_What you are asked to do_: Within the records below is a range that opens at the line with "move=> symA." and closes at the line with "pose x0 : P := [ffun s => sort2 (i s) (j s)].". Return that range word for word, both ends included, and only that range.

_Saved entries_:
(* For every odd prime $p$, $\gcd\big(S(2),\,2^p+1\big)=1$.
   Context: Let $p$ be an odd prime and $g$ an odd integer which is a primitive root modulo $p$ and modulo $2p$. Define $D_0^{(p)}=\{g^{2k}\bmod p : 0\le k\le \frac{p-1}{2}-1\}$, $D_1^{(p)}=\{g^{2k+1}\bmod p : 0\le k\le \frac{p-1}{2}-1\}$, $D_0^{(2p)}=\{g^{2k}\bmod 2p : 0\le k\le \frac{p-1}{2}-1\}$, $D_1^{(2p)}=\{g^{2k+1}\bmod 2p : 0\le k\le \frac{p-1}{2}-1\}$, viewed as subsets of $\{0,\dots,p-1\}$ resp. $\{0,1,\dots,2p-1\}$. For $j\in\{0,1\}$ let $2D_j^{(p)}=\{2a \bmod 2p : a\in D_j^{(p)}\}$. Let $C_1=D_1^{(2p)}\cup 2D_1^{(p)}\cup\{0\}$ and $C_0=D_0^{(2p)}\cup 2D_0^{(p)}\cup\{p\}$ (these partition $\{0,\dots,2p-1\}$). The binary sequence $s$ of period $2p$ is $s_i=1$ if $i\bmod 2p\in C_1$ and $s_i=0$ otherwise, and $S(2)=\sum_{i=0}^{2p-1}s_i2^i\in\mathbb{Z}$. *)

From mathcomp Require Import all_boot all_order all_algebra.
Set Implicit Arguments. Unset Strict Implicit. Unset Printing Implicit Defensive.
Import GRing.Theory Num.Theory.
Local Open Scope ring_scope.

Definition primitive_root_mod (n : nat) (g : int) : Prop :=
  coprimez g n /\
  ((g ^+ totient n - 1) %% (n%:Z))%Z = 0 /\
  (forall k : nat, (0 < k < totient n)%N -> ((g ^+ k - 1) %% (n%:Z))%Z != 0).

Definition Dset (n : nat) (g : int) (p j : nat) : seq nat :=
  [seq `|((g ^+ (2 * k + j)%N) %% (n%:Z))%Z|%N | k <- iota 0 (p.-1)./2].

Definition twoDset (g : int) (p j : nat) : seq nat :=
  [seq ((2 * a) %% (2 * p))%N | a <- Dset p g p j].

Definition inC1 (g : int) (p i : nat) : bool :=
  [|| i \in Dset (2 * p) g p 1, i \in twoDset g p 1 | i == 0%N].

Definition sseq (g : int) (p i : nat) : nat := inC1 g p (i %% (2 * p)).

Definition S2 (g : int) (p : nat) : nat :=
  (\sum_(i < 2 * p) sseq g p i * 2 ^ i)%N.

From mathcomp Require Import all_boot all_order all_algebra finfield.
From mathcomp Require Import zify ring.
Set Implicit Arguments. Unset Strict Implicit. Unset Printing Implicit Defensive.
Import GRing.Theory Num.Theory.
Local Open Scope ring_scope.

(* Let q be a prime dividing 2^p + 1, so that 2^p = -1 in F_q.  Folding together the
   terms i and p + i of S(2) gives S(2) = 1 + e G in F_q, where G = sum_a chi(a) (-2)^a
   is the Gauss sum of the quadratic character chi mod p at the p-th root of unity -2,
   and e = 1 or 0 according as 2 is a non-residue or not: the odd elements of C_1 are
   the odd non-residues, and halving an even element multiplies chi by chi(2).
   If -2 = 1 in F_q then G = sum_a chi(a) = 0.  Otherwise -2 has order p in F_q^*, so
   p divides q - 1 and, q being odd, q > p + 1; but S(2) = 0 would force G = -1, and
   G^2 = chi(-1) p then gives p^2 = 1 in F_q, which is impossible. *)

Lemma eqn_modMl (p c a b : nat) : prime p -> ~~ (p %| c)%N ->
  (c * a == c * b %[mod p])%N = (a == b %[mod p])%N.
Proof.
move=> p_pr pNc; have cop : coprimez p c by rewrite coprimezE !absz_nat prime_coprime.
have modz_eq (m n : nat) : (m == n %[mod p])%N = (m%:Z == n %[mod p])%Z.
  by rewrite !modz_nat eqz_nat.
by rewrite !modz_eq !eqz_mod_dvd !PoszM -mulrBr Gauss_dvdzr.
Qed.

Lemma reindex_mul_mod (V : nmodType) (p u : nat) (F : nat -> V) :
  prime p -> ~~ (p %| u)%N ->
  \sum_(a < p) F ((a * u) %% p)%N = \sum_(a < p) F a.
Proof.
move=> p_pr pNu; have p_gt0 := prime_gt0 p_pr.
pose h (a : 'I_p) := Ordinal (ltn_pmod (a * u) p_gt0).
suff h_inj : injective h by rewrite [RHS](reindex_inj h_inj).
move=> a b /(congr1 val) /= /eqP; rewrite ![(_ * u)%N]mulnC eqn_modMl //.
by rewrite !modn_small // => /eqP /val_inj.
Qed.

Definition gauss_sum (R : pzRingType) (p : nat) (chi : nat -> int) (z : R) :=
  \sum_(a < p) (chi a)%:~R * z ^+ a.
==
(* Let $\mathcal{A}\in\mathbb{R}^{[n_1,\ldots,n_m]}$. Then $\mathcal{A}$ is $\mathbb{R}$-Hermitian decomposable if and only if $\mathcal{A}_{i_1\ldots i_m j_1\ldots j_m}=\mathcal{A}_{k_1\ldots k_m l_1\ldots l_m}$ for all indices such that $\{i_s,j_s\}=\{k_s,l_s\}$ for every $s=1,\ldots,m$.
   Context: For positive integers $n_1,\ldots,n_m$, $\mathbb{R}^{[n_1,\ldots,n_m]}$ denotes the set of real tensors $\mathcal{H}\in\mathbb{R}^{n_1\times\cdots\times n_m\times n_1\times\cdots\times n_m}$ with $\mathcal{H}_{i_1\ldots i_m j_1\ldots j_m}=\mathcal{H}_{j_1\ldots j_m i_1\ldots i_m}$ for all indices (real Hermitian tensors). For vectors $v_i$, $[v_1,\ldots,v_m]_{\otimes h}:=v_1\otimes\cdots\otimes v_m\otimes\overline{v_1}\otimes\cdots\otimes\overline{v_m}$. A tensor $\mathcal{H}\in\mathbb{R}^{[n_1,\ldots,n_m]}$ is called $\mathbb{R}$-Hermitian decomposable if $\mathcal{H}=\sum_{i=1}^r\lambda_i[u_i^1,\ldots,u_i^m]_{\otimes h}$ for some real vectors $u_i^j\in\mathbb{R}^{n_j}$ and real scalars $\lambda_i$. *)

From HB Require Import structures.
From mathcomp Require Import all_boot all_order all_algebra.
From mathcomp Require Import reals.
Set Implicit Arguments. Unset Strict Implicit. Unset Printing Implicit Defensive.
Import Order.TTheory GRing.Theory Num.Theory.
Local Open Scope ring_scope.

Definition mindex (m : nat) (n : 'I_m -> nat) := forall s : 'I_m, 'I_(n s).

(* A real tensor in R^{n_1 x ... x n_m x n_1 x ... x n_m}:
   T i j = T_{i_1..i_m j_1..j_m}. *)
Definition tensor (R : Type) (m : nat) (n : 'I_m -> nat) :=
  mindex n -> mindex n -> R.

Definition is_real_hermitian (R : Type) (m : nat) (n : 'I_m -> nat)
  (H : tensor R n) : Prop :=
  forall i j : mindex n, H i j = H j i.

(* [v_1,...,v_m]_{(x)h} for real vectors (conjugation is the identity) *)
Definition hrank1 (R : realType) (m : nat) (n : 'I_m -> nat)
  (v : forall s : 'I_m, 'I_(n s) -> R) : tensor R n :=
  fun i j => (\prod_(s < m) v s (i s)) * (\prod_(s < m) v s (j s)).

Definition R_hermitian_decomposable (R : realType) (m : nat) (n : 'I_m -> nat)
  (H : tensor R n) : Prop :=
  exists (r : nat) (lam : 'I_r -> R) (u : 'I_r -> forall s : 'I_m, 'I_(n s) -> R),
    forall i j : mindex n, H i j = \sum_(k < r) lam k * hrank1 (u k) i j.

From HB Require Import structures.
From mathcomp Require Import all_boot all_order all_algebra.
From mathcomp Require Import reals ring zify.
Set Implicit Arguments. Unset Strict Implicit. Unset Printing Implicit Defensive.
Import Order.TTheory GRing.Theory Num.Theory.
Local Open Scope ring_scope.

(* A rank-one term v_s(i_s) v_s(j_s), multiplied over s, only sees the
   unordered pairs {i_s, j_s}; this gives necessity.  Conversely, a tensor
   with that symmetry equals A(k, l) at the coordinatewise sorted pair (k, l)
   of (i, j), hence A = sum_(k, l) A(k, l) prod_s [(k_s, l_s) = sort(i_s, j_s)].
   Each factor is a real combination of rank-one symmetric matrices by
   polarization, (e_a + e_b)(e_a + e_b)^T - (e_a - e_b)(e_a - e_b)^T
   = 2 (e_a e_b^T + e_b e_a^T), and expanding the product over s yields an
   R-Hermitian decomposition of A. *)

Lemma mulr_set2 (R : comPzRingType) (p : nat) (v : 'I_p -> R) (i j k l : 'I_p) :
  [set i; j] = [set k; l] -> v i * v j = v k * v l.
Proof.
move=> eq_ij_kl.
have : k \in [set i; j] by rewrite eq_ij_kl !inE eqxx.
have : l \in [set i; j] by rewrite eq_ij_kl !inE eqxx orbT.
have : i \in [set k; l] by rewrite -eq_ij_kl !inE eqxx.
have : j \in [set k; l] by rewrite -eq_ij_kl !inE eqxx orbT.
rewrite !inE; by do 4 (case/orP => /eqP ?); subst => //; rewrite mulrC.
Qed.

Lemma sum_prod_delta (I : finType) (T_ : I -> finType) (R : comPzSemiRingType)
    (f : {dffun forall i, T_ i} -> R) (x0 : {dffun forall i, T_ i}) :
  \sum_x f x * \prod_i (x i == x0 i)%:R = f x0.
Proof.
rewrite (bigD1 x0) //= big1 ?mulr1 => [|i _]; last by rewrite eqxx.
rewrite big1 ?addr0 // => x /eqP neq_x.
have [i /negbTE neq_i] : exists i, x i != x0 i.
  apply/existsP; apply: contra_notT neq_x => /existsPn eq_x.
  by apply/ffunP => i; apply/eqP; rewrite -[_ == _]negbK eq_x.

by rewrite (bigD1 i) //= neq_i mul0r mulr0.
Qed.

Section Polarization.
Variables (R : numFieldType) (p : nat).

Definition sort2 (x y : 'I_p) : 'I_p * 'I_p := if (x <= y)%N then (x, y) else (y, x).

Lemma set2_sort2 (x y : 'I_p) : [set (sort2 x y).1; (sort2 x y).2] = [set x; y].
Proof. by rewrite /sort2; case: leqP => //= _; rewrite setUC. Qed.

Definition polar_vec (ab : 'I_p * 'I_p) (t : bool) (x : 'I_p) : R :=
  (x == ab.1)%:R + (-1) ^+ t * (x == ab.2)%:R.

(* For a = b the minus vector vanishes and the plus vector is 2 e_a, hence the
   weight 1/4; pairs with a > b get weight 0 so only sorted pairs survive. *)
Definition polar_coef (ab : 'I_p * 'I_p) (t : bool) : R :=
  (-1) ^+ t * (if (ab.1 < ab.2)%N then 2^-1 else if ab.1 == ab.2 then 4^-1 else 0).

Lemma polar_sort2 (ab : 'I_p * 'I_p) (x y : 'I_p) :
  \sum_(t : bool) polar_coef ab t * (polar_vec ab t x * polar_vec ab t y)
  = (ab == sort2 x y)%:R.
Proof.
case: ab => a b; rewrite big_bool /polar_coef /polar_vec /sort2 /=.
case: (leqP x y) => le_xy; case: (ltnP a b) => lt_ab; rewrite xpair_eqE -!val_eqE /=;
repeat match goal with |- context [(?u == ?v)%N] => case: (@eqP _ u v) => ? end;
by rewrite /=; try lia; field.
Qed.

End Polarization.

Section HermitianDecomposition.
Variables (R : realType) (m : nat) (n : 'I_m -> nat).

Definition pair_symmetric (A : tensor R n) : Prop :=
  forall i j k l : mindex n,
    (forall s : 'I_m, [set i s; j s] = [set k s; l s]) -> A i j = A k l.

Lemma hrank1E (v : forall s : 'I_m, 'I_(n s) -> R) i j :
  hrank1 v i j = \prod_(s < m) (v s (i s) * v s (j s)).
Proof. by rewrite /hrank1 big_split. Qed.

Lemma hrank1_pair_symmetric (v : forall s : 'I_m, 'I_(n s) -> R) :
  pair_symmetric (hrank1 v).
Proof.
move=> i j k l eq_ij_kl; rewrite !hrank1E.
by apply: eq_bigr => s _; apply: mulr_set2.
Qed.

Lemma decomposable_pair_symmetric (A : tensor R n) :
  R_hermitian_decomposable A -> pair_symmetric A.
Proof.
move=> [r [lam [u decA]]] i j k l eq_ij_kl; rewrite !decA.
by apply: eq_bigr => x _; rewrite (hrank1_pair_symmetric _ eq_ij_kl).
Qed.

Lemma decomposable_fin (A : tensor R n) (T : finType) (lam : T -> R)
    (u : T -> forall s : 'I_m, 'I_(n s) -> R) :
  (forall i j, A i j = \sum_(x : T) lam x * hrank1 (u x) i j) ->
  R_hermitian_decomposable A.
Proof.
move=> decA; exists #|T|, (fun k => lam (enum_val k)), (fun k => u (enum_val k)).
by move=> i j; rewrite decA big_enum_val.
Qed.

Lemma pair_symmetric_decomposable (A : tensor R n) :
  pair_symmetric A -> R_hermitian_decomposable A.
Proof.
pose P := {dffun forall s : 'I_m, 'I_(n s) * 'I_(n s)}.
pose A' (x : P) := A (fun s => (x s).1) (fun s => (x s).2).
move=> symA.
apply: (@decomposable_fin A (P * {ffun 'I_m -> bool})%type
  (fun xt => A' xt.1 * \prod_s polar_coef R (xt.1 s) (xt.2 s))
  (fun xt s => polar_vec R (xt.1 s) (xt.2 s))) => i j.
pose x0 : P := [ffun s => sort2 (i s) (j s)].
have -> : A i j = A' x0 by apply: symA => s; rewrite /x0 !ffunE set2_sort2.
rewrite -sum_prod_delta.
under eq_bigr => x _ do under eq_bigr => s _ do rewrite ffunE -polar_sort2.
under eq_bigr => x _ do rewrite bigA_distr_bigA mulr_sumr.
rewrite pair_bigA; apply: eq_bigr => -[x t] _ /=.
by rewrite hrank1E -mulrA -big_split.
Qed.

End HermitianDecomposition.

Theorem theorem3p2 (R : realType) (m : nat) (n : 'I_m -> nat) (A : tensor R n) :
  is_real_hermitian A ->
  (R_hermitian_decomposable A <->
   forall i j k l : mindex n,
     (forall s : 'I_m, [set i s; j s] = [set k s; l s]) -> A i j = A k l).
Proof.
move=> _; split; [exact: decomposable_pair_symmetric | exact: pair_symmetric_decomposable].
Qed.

_Problem solution_:
move=> symA.
apply: (@decomposable_fin A (P * {ffun 'I_m -> bool})%type
  (fun xt => A' xt.1 * \prod_s polar_coef R (xt.1 s) (xt.2 s))
  (fun xt s => polar_vec R (xt.1 s) (xt.2 s))) => i j.
pose x0 : P := [ffun s => sort2 (i s) (j s)].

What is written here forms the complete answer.